Ampcus
Ampcus is hiring: Analyst, Data Science in Plano
Ampcus, Plano, TX, United States, 75086
Ampcus Inc. is a certified global provider of a broad range of Technology and Business consulting services. We are in search of a highly motivated candidate to join our talented Team.
Job Title: Data Science
Location(s): Plano, TX (Hybrid)
Summry
Current project is wrapping up soon and the manager's team will start working on new project form next year where they will be predicting future expected losses to understand profitability.
The manager is looking forward to onboard a Data Science Analyst with 2-3 years of solid experience with SQL and Python coding along with some good experience with Predictive Modelling, GitHub.
The candidate should be able to communicate well and should have good analytical skills.
Masters in quantitative degree (mathematics, statistics data science, physics, science) will be highly required.
What we're looking for This role is ideal for someone who will thrive working at the intersection of computational science, predictive modeling, and business consulting.
The ideal candidate will excel at analysis, manipulation, and cleaning of data, building predictive and prescriptive models using a variety of theoretical and computational techniques, extract insights from models to help inform business decisions, and present results and recommendations to various business partners and leaders.
Additionally, the ideal candidate will also possess the technical expertise to help transition models from development to production and deploy them efficiently. If you have a passion for end-to-end data solutions and enjoy working in a dynamic, collaborative setting, you could be the perfect fit for our team.
What you'll be doing Work closely with team members and business partners to identify and prioritize key questions and drive impactful data-based decisions.
Extract, manipulate, and clean data from diverse sources using SQL and Python, preparing it for detailed analysis and model development.
Develop and implement sophisticated predictive and prescriptive models using statistical and machine learning techniques. Ensure these models address key business challenges and deliver actionable insights.
Create clear, compelling data visualizations to effectively communicate findings to both technical and non-technical stakeholders.
Effectively and efficiently transition models from development to production within the organization's existing cloud ecosystem.
Participate actively in project planning and prioritization sessions to ensure data initiatives align with business goals.
Stay updated with the latest industry trends and tools and integrate this knowledge to improve methodologies and solutions.
Requirements:
Qualifications/ What you bring (Must Haves) - Highlight Top 3-5 skills Master's degree or higher in a relevant analytical field.
Hands-on experience building and optimizing data solutions using Python.
Experience solving problems using a variety of statistical and machine learning techniques.
Hands-on experience using statistical or machine learning frameworks to solve a variety of real-world problems (e.g., statsmodels, scikit-learn, PyTorch).

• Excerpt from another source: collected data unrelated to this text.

(* Suppose Assumption (A2) holds and, in addition, $B$ is $\mu$-strongly monotone w.r.t. $S$ for some $\mu>0$ (i.e. $\langle Bx-By,x-y\rangle\ge\mu\|x-y\|_S^2$ for all $x,y$); let $x^*$ be the solution of $0\in Ax+Bx+Cx$. Let $p\in(0,1)$, $\lambda=1-p$, $L\ge\frac{3-p}{2}$, $\varepsilon_3>0$, $\alpha>0$, and suppose $L_k+\alpha\le\frac{1-\sqrt p}{4}$ for all $k$. Let $\bar L=\sup_kL_k$ and $\gamma=\min\{\frac{\sqrt p}{2\theta},\frac p\beta,\frac{\alpha}{\bar L\theta}\}$ (with $\frac{\alpha}{0}=+\infty$). For $k\ge1$ let $$c_k=\min\Big\{\frac{\gamma\mu}{1+\frac{L_k}{2L\varepsilon_3}},\ \frac{2L\big(1-p-L_{k-1}-\alpha-(1-p)(\alpha+L_k)\big)}{(1-p)L_k(\varepsilon_3+1)},\ \frac{Lp\big(1-\sqrt p-4(L_k+\alpha)\big)}{2(1-p)(4+p)+2pL_k(\varepsilon_3+1)}\Big\}$$ (the middle term read as $+\infty$ if $L_k=0$), and let $c$ be any real number with $0\le c\le c_k$ for all $k\ge1$. Then the sequences generated by Algorithm SVR-NFBHF-M (with this $\lambda,p,\gamma$) satisfy, for all $k\ge1$, $$(1-p-L_k)\,\mathbb E\|x_{k+1}-x^*\|_S^2\le\frac{\mathbb E\big[(1-p)\|x_1-x^*\|_S^2+\|\omega_1-x^*\|_S^2+d_1\big]}{(1+c/(2L))^k},$$ where $d_1=2\langle u_1,x_1-x^*\rangle+L_0\|y_0-\bar x_0\|_S^2$.
   Context: $\mathcal X$ is a separable real Hilbert space with Borel $\sigma$-algebra; all random variables live on a probability space $(\Omega,\mathcal F,P)$; $\mathbb E$ is (full) expectation. $\mathcal P(\mathcal X)$ is the set of bounded linear self-adjoint strongly positive operators $S$ ($\langle Sx,x\rangle\ge m\|x\|^2$, $m>0$); $\langle x,y\rangle_S=\langle Sx,y\rangle$, $\|x\|_S=\sqrt{\langle Sx,x\rangle}$. For $S\in\mathcal P(\mathcal X)$, $T$ is $L$-Lipschitz w.r.t. $S$ if $\|Tx-Ty\|_{S^{-1}}\le L\|x-y\|_S$, and $\beta^{-1}$-cocoercive w.r.t. $S$ if $\langle Tx-Ty,x-y\rangle\ge\beta^{-1}\|Tx-Ty\|_{S^{-1}}^2$. Assumption (A2): fix $S\in\mathcal P(\mathcal X)$. (i) $A:\mathcal X\to2^{\mathcal X}$ is maximally monotone; (ii) $B=\sum_{i=1}^NB_i$ where each $B_i:\mathcal X\to\mathcal X$ is monotone and Lipschitz; $Q$ is a probability distribution on $\{1,\dots,N\}$ and $B_\xi:\mathcal X\to\mathcal X$ ($\xi\in\{1,\dots,N\}$) are operators (stochastic oracle) with $\mathbb E_{\xi\sim Q}[B_\xi(x)]=B(x)$ for all $x$ and $\mathbb E_{\xi\sim Q}\|B_\xi u-B_\xi v\|_{S^{-1}}^2\le\theta^2\|u-v\|_S^2$ for all $u,v$, some $\theta>0$; (iii) $C:\mathcal X\to\mathcal X$ is $\beta^{-1}$-cocoercive w.r.t. $S$, $\beta>0$; (iv) the solution set $\Omega^*=\{x:0\in Ax+Bx+Cx\}$ is nonempty; (v) $\gamma>0$ and for each $k$, $M_k:\mathcal X\to\mathcal X$ is an operator such that $\gamma M_k-S$ is $L_k$-Lipschitz w.r.t. $S$ with $L_k\in[0,1)$ (so $(M_k+A)^{-1}$ is single-valued with full domain). Algorithm SVR-NFBHF-M: parameters $p\in(0,1]$, $\lambda\ge0$; initial $x_0,u_0\in\mathcal X$, $\omega_0=x_0$. For $k=0,1,\dots$: $\bar x_k=\lambda x_k+(1-\lambda)\omega_k$; $y_k=(M_k+A)^{-1}\big(M_k\bar x_k-(B+C)\omega_k+\gamma^{-1}u_k\big)$; $u_{k+1}=(\gamma M_k-S)y_k-(\gamma M_k-S)\bar x_k$; draw $\xi_k\sim Q$ independently of the past; $x_{k+1}=y_k-\gamma S^{-1}B_{\xi_k}y_k+\gamma S^{-1}B_{\xi_k}\omega_k$; $\omega_{k+1}=x_{k+1}$ with probability $p$ and $\omega_{k+1}=\omega_k$ with probability $1-p$ (independent coin). *)

From mathcomp Require Import all_boot all_order all_algebra.
From mathcomp Require Import reals.
Set Implicit Arguments. Unset Strict Implicit. Unset Printing Implicit Defensive.
Import Order.TTheory GRing.Theory Num.Theory.
Local Open Scope ring_scope.

Section Defs.
Variables (R : realType) (X : lmodType R) (ip : X -> X -> R).

Definition hnorm (x : X) : R := Num.sqrt (ip x x).

Definition separable_hilbert : Prop :=
  [/\ (forall x y, ip x y = ip y x),
      (forall a x y z, ip (a *: x + y) z = a * ip x z + ip y z),
      (forall x, 0 <= ip x x),
      (forall x, ip x x = 0 -> x = 0) /\
      (forall u : nat -> X,
         (forall e, 0 < e -> exists n0, forall m n, (n0 <= m)%N -> (n0 <= n)%N ->
             hnorm (u m - u n) < e) ->
         exists l, forall e, 0 < e -> exists n0, forall n, (n0 <= n)%N ->
             hnorm (u n - l) < e)
    &
      exists d : nat -> X, forall x e, 0 < e -> exists n, hnorm (x - d n) < e].

Definition strongly_pos_op (S : X -> X) : Prop :=
  [/\ (forall a x y, S (a *: x + y) = a *: S x + S y),
      (exists M, forall x, hnorm (S x) <= M * hnorm x),
      (forall x y, ip (S x) y = ip x (S y))
    & exists m, 0 < m /\ forall x, m * ip x x <= ip (S x) x].

Definition normS (S : X -> X) (x : X) : R := Num.sqrt (ip (S x) x).

Definition lipschitz_wrt (S Sinv : X -> X) (T : X -> X) (Lc : R) : Prop :=
  forall x y, normS Sinv (T x - T y) <= Lc * normS S (x - y).

Definition cocoercive_wrt (S Sinv : X -> X) (T : X -> X) (beta : R) : Prop :=
  forall x y, beta^-1 * (normS Sinv (T x - T y)) ^+ 2 <= ip (T x - T y) (x - y).

Definition strongly_monotone_wrt (S : X -> X) (T : X -> X) (mu : R) : Prop :=
  forall x y, mu * (normS S (x - y)) ^+ 2 <= ip (T x - T y) (x - y).

Definition monotone_op (T : X -> X) : Prop :=
  forall x y, 0 <= ip (T x - T y) (x - y).

Definition lipschitz_op (T : X -> X) : Prop :=
  exists Lc, 0 <= Lc /\ forall x y, hnorm (T x - T y) <= Lc * hnorm (x - y).

(* set-valued operators A : X -> 2^X, encoded as relations: A x u <-> u \in A x *)
Definition monotone_set_op (A : X -> X -> Prop) : Prop :=
  forall x y u v, A x u -> A y v -> 0 <= ip (u - v) (x - y).

Definition maximally_monotone (A : X -> X -> Prop) : Prop :=
  monotone_set_op A /\
  forall A' : X -> X -> Prop, monotone_set_op A' ->
    (forall x u, A x u -> A' x u) -> forall x u, A' x u -> A x u.

End Defs.

(* The step size gamma = min { sqrt p / (2 theta), p / beta, alpha / (Lbar theta) },
   where alpha / 0 = +oo. *)
Definition gamma_def (R : realType) (p theta beta alpha Lbar : R) : R :=
  let g := Num.min (Num.sqrt p / (2 * theta)) (p / beta) in
  if Lbar == 0 then g else Num.min g (alpha / (Lbar * theta)).

(* c <= c_k, where c_k is the minimum of three terms, the middle one being
   +oo when L_k = 0. Here Lk = L_k, Lkm1 = L_{k-1}. *)
Definition le_ck (R : realType) (c gamma mu L eps3 alpha p Lk Lkm1 : R) : Prop :=
  [/\ c <= gamma * mu / (1 + Lk / (2 * L * eps3)),
      (Lk != 0 -> c <= 2 * L * (1 - p - Lkm1 - alpha - (1 - p) * (alpha + Lk))
                        / ((1 - p) * Lk * (eps3 + 1)))
    & c <= L * p * (1 - Num.sqrt p - 4 * (Lk + alpha))
           / (2 * (1 - p) * (4 + p) + 2 * p * Lk * (eps3 + 1))].

(* Canonical discrete model of the randomness of SVR-NFBHF-M: the history up
   to iteration k is the sequence of pairs (xi_j, coin_j), j < k, where
   xi_j ~ Q and coin_j ~ Bernoulli(p), all independent. *)
Definition hist_weight (R : realType) (N : nat) (Q : 'I_N -> R) (p : R)
  (h : seq ('I_N * bool)) : R :=
  \prod_(a <- h) (Q a.1 * (if a.2 then p else 1 - p)).

Definition expect (R : realType) (N : nat) (Q : 'I_N -> R) (p : R) (k : nat)
  (f : seq ('I_N * bool) -> R) : R :=
  \sum_(t : k.-tuple ('I_N * bool)) hist_weight Q p t * f t.

From mathcomp Require Import all_boot all_order all_algebra.
From mathcomp Require Import reals.
From mathcomp Require Import ring lra.
Import Order.TTheory GRing.Theory Num.Theory.
Local Open Scope ring_scope.

(* Lyapunov argument.  Put xbar_k = (1-p) x_k + p w_k and
     Phi_k = (1-p) |x_k - x*|^2 + |w_k - x*|^2 + 2 <u_k, x_k - x*>
             + L_{k-1} |y_{k-1} - xbar_{k-1}|^2     (norms in S).
   Monotonicity of A at y_k and x*, unbiasedness and the variance bound of
   the oracle, cocoercivity of C and strong monotonicity of B give, after averaging over
   xi_k and the coin, E_k Phi_{k+1} <= Phi_k - D_k, where D_k is a quadratic form in
   y_k - x_k and y_k - w_k plus a multiple of |y_k - x*|^2; the bounds on L_k, gamma and c
   make (c / 2L) E_k Phi_{k+1} <= D_k, hence (1 + c/2L) E_k Phi_{k+1} <= Phi_k.  Since
   |u_k|_{S^-1} <= L_{k-1} |y_{k-1} - xbar_{k-1}|_S, Young's inequality gives
   Phi_{k+1} >= (1 - p - L_k) |x_{k+1} - x*|^2, and the tower property over the history
   iterates the contraction. *)

Lemma unit_interval_poly_le_quarter (R : realFieldType) (s : R) : 0 <= s <= 1 ->
  (1 - s) / 8 + 9 * s ^+ 2 / 256 + s ^+ 2 * (1 - s) / 2 + s ^+ 2 * (1 - s) ^+ 2
  <= 1 / 4.
Proof.
move=> /andP[s0 s1].
have t0 : 0 <= s * (1 - s) by rewrite mulr_ge0 // subr_ge0.
have t1 : s * (1 - s) <= 1 / 4 by have := sqr_ge0 (s - 1 / 2); rewrite expr2; lra.
have t2 : (s * (1 - s)) ^+ 2 <= s * (1 - s) / 4.
  by rewrite expr2; have := mulr_ge0 t0 (_ : 0 <= 1 / 4 - s * (1 - s)); nra.
have t3 : 0 <= s * (1 - s) * (1 - s) by rewrite !mulr_ge0 // subr_ge0.
have t4 : 0 <= s * s * (1 - s) by rewrite !mulr_ge0 // subr_ge0.
rewrite -exprMn; rewrite !expr2 in t2 *; nra.
Qed.

Lemma descent_coeff1_ge (R : realFieldType) (p l E : R) :
  0 <= p <= 1 -> l <= (1 - p) / 4 -> 0 <= E <= 1 / 2 ->
  (1 - p) / 4 <= (1 - p) - l - E * (1 - p) ^+ 2.
Proof.
move=> /andP[p0 p1] hl /andP[E0 E1].
have : (1 - p) ^+ 2 <= 1 - p by rewrite expr2; nra.
nra.
Qed.

Lemma descent_coeff2_ge (R : realFieldType) (p s k l' E r t : R) :
  0 < s < 1 -> p = s ^+ 2 -> t + r = 1 - s -> 0 <= r ->
  0 <= k <= p / 16 -> 16 * (k * (1 - p)) <= p * r ->
  0 <= l' <= t / 4 -> 0 <= E <= t / 2 ->
  4 * E ^+ 2 * p ^+ 2 * (1 - p)
  <= p - (3 * p / 4 + p * l' / 4 + k * (p / 2 + p * l' / 4 + 2 * (1 - p))) - E * p ^+ 2.
Proof.
move=> /andP[s0 s1] ps tr r0 /andP[k0 kp] kr /andP[l'0 l't] /andP[E0 Et].
have p0 : 0 < p by rewrite ps exprn_gt0.
have p1 : p < 1 by rewrite ps expr2; nra.
have q1 : k * (p / 2 + p * l' / 4) <= 9 * p ^+ 2 / 256.
  have h : p / 2 + p * l' / 4 <= 9 * p / 16 by nra.
  have h0 : 0 <= p / 2 + p * l' / 4 by nra.
  apply: le_trans (ler_pM k0 h0 kp h) _; rewrite expr2; lra.
have q2 : 4 * E ^+ 2 * p ^+ 2 * (1 - p) <= p ^+ 2 * (1 - s) ^+ 2.
  have h2E : 2 * E <= 1 - s by lra.
  have hE : (2 * E) ^+ 2 <= (1 - s) ^+ 2 by rewrite !expr2; nra.
  have pp : 0 <= p ^+ 2 by rewrite sqr_ge0.
  rewrite exprMn in hE.
  have := ler_wpM2r pp hE; have := mulr_ge0 (mulr_ge0 (sqr_ge0 E) pp) (ltW p0).
  rewrite !expr2; nra.
have q3 : E * p ^+ 2 <= p ^+ 2 * (1 - s) / 2 by rewrite !expr2; nra.
have q4 : p * l' / 4 + p * r / 8 <= p * (1 - s) / 8 by nra.
have P := @unit_interval_poly_le_quarter R s ltac:(apply/andP; split; lra).
rewrite -ps in P; have {}P := ler_wpM2l (ltW p0) P.
rewrite !expr2 in q1 q2 q3 P *; nra.
Qed.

Knowledge of methods like Logistic Regression, Time Series Analysis, GLMs, Mixed Modeling, Multivariate Statistics, Predictive Modeling, Decision Trees, Gradient-Boosted Trees, Random Forests, and Neural Networks.
Proactive approach to identifying problems and developing innovative solutions.
Added bonus if you have (Preferred):
Experience with version control systems such as GitHub, and familiarity with CI/CD practices to streamline model deployment and code management.
Hands-on experience with cloud-based machine learning platforms (e.g., AWS SageMaker or Azure ML) to leverage scalable computing resources and tools.
Demonstrated ability to lead through influence, effectively navigating and prioritizing complex cross-departmental projects to drive impactful change.
Capability to replace and bridge existing legacy infrastructure and processes.
Ampcus is an Equal Opportunity Employer. All qualified applicants will receive consideration for employment without regard to race, color, religion, sex, sexual orientation, gender identify, national origin, age, protected veterans or individuals with disabilities.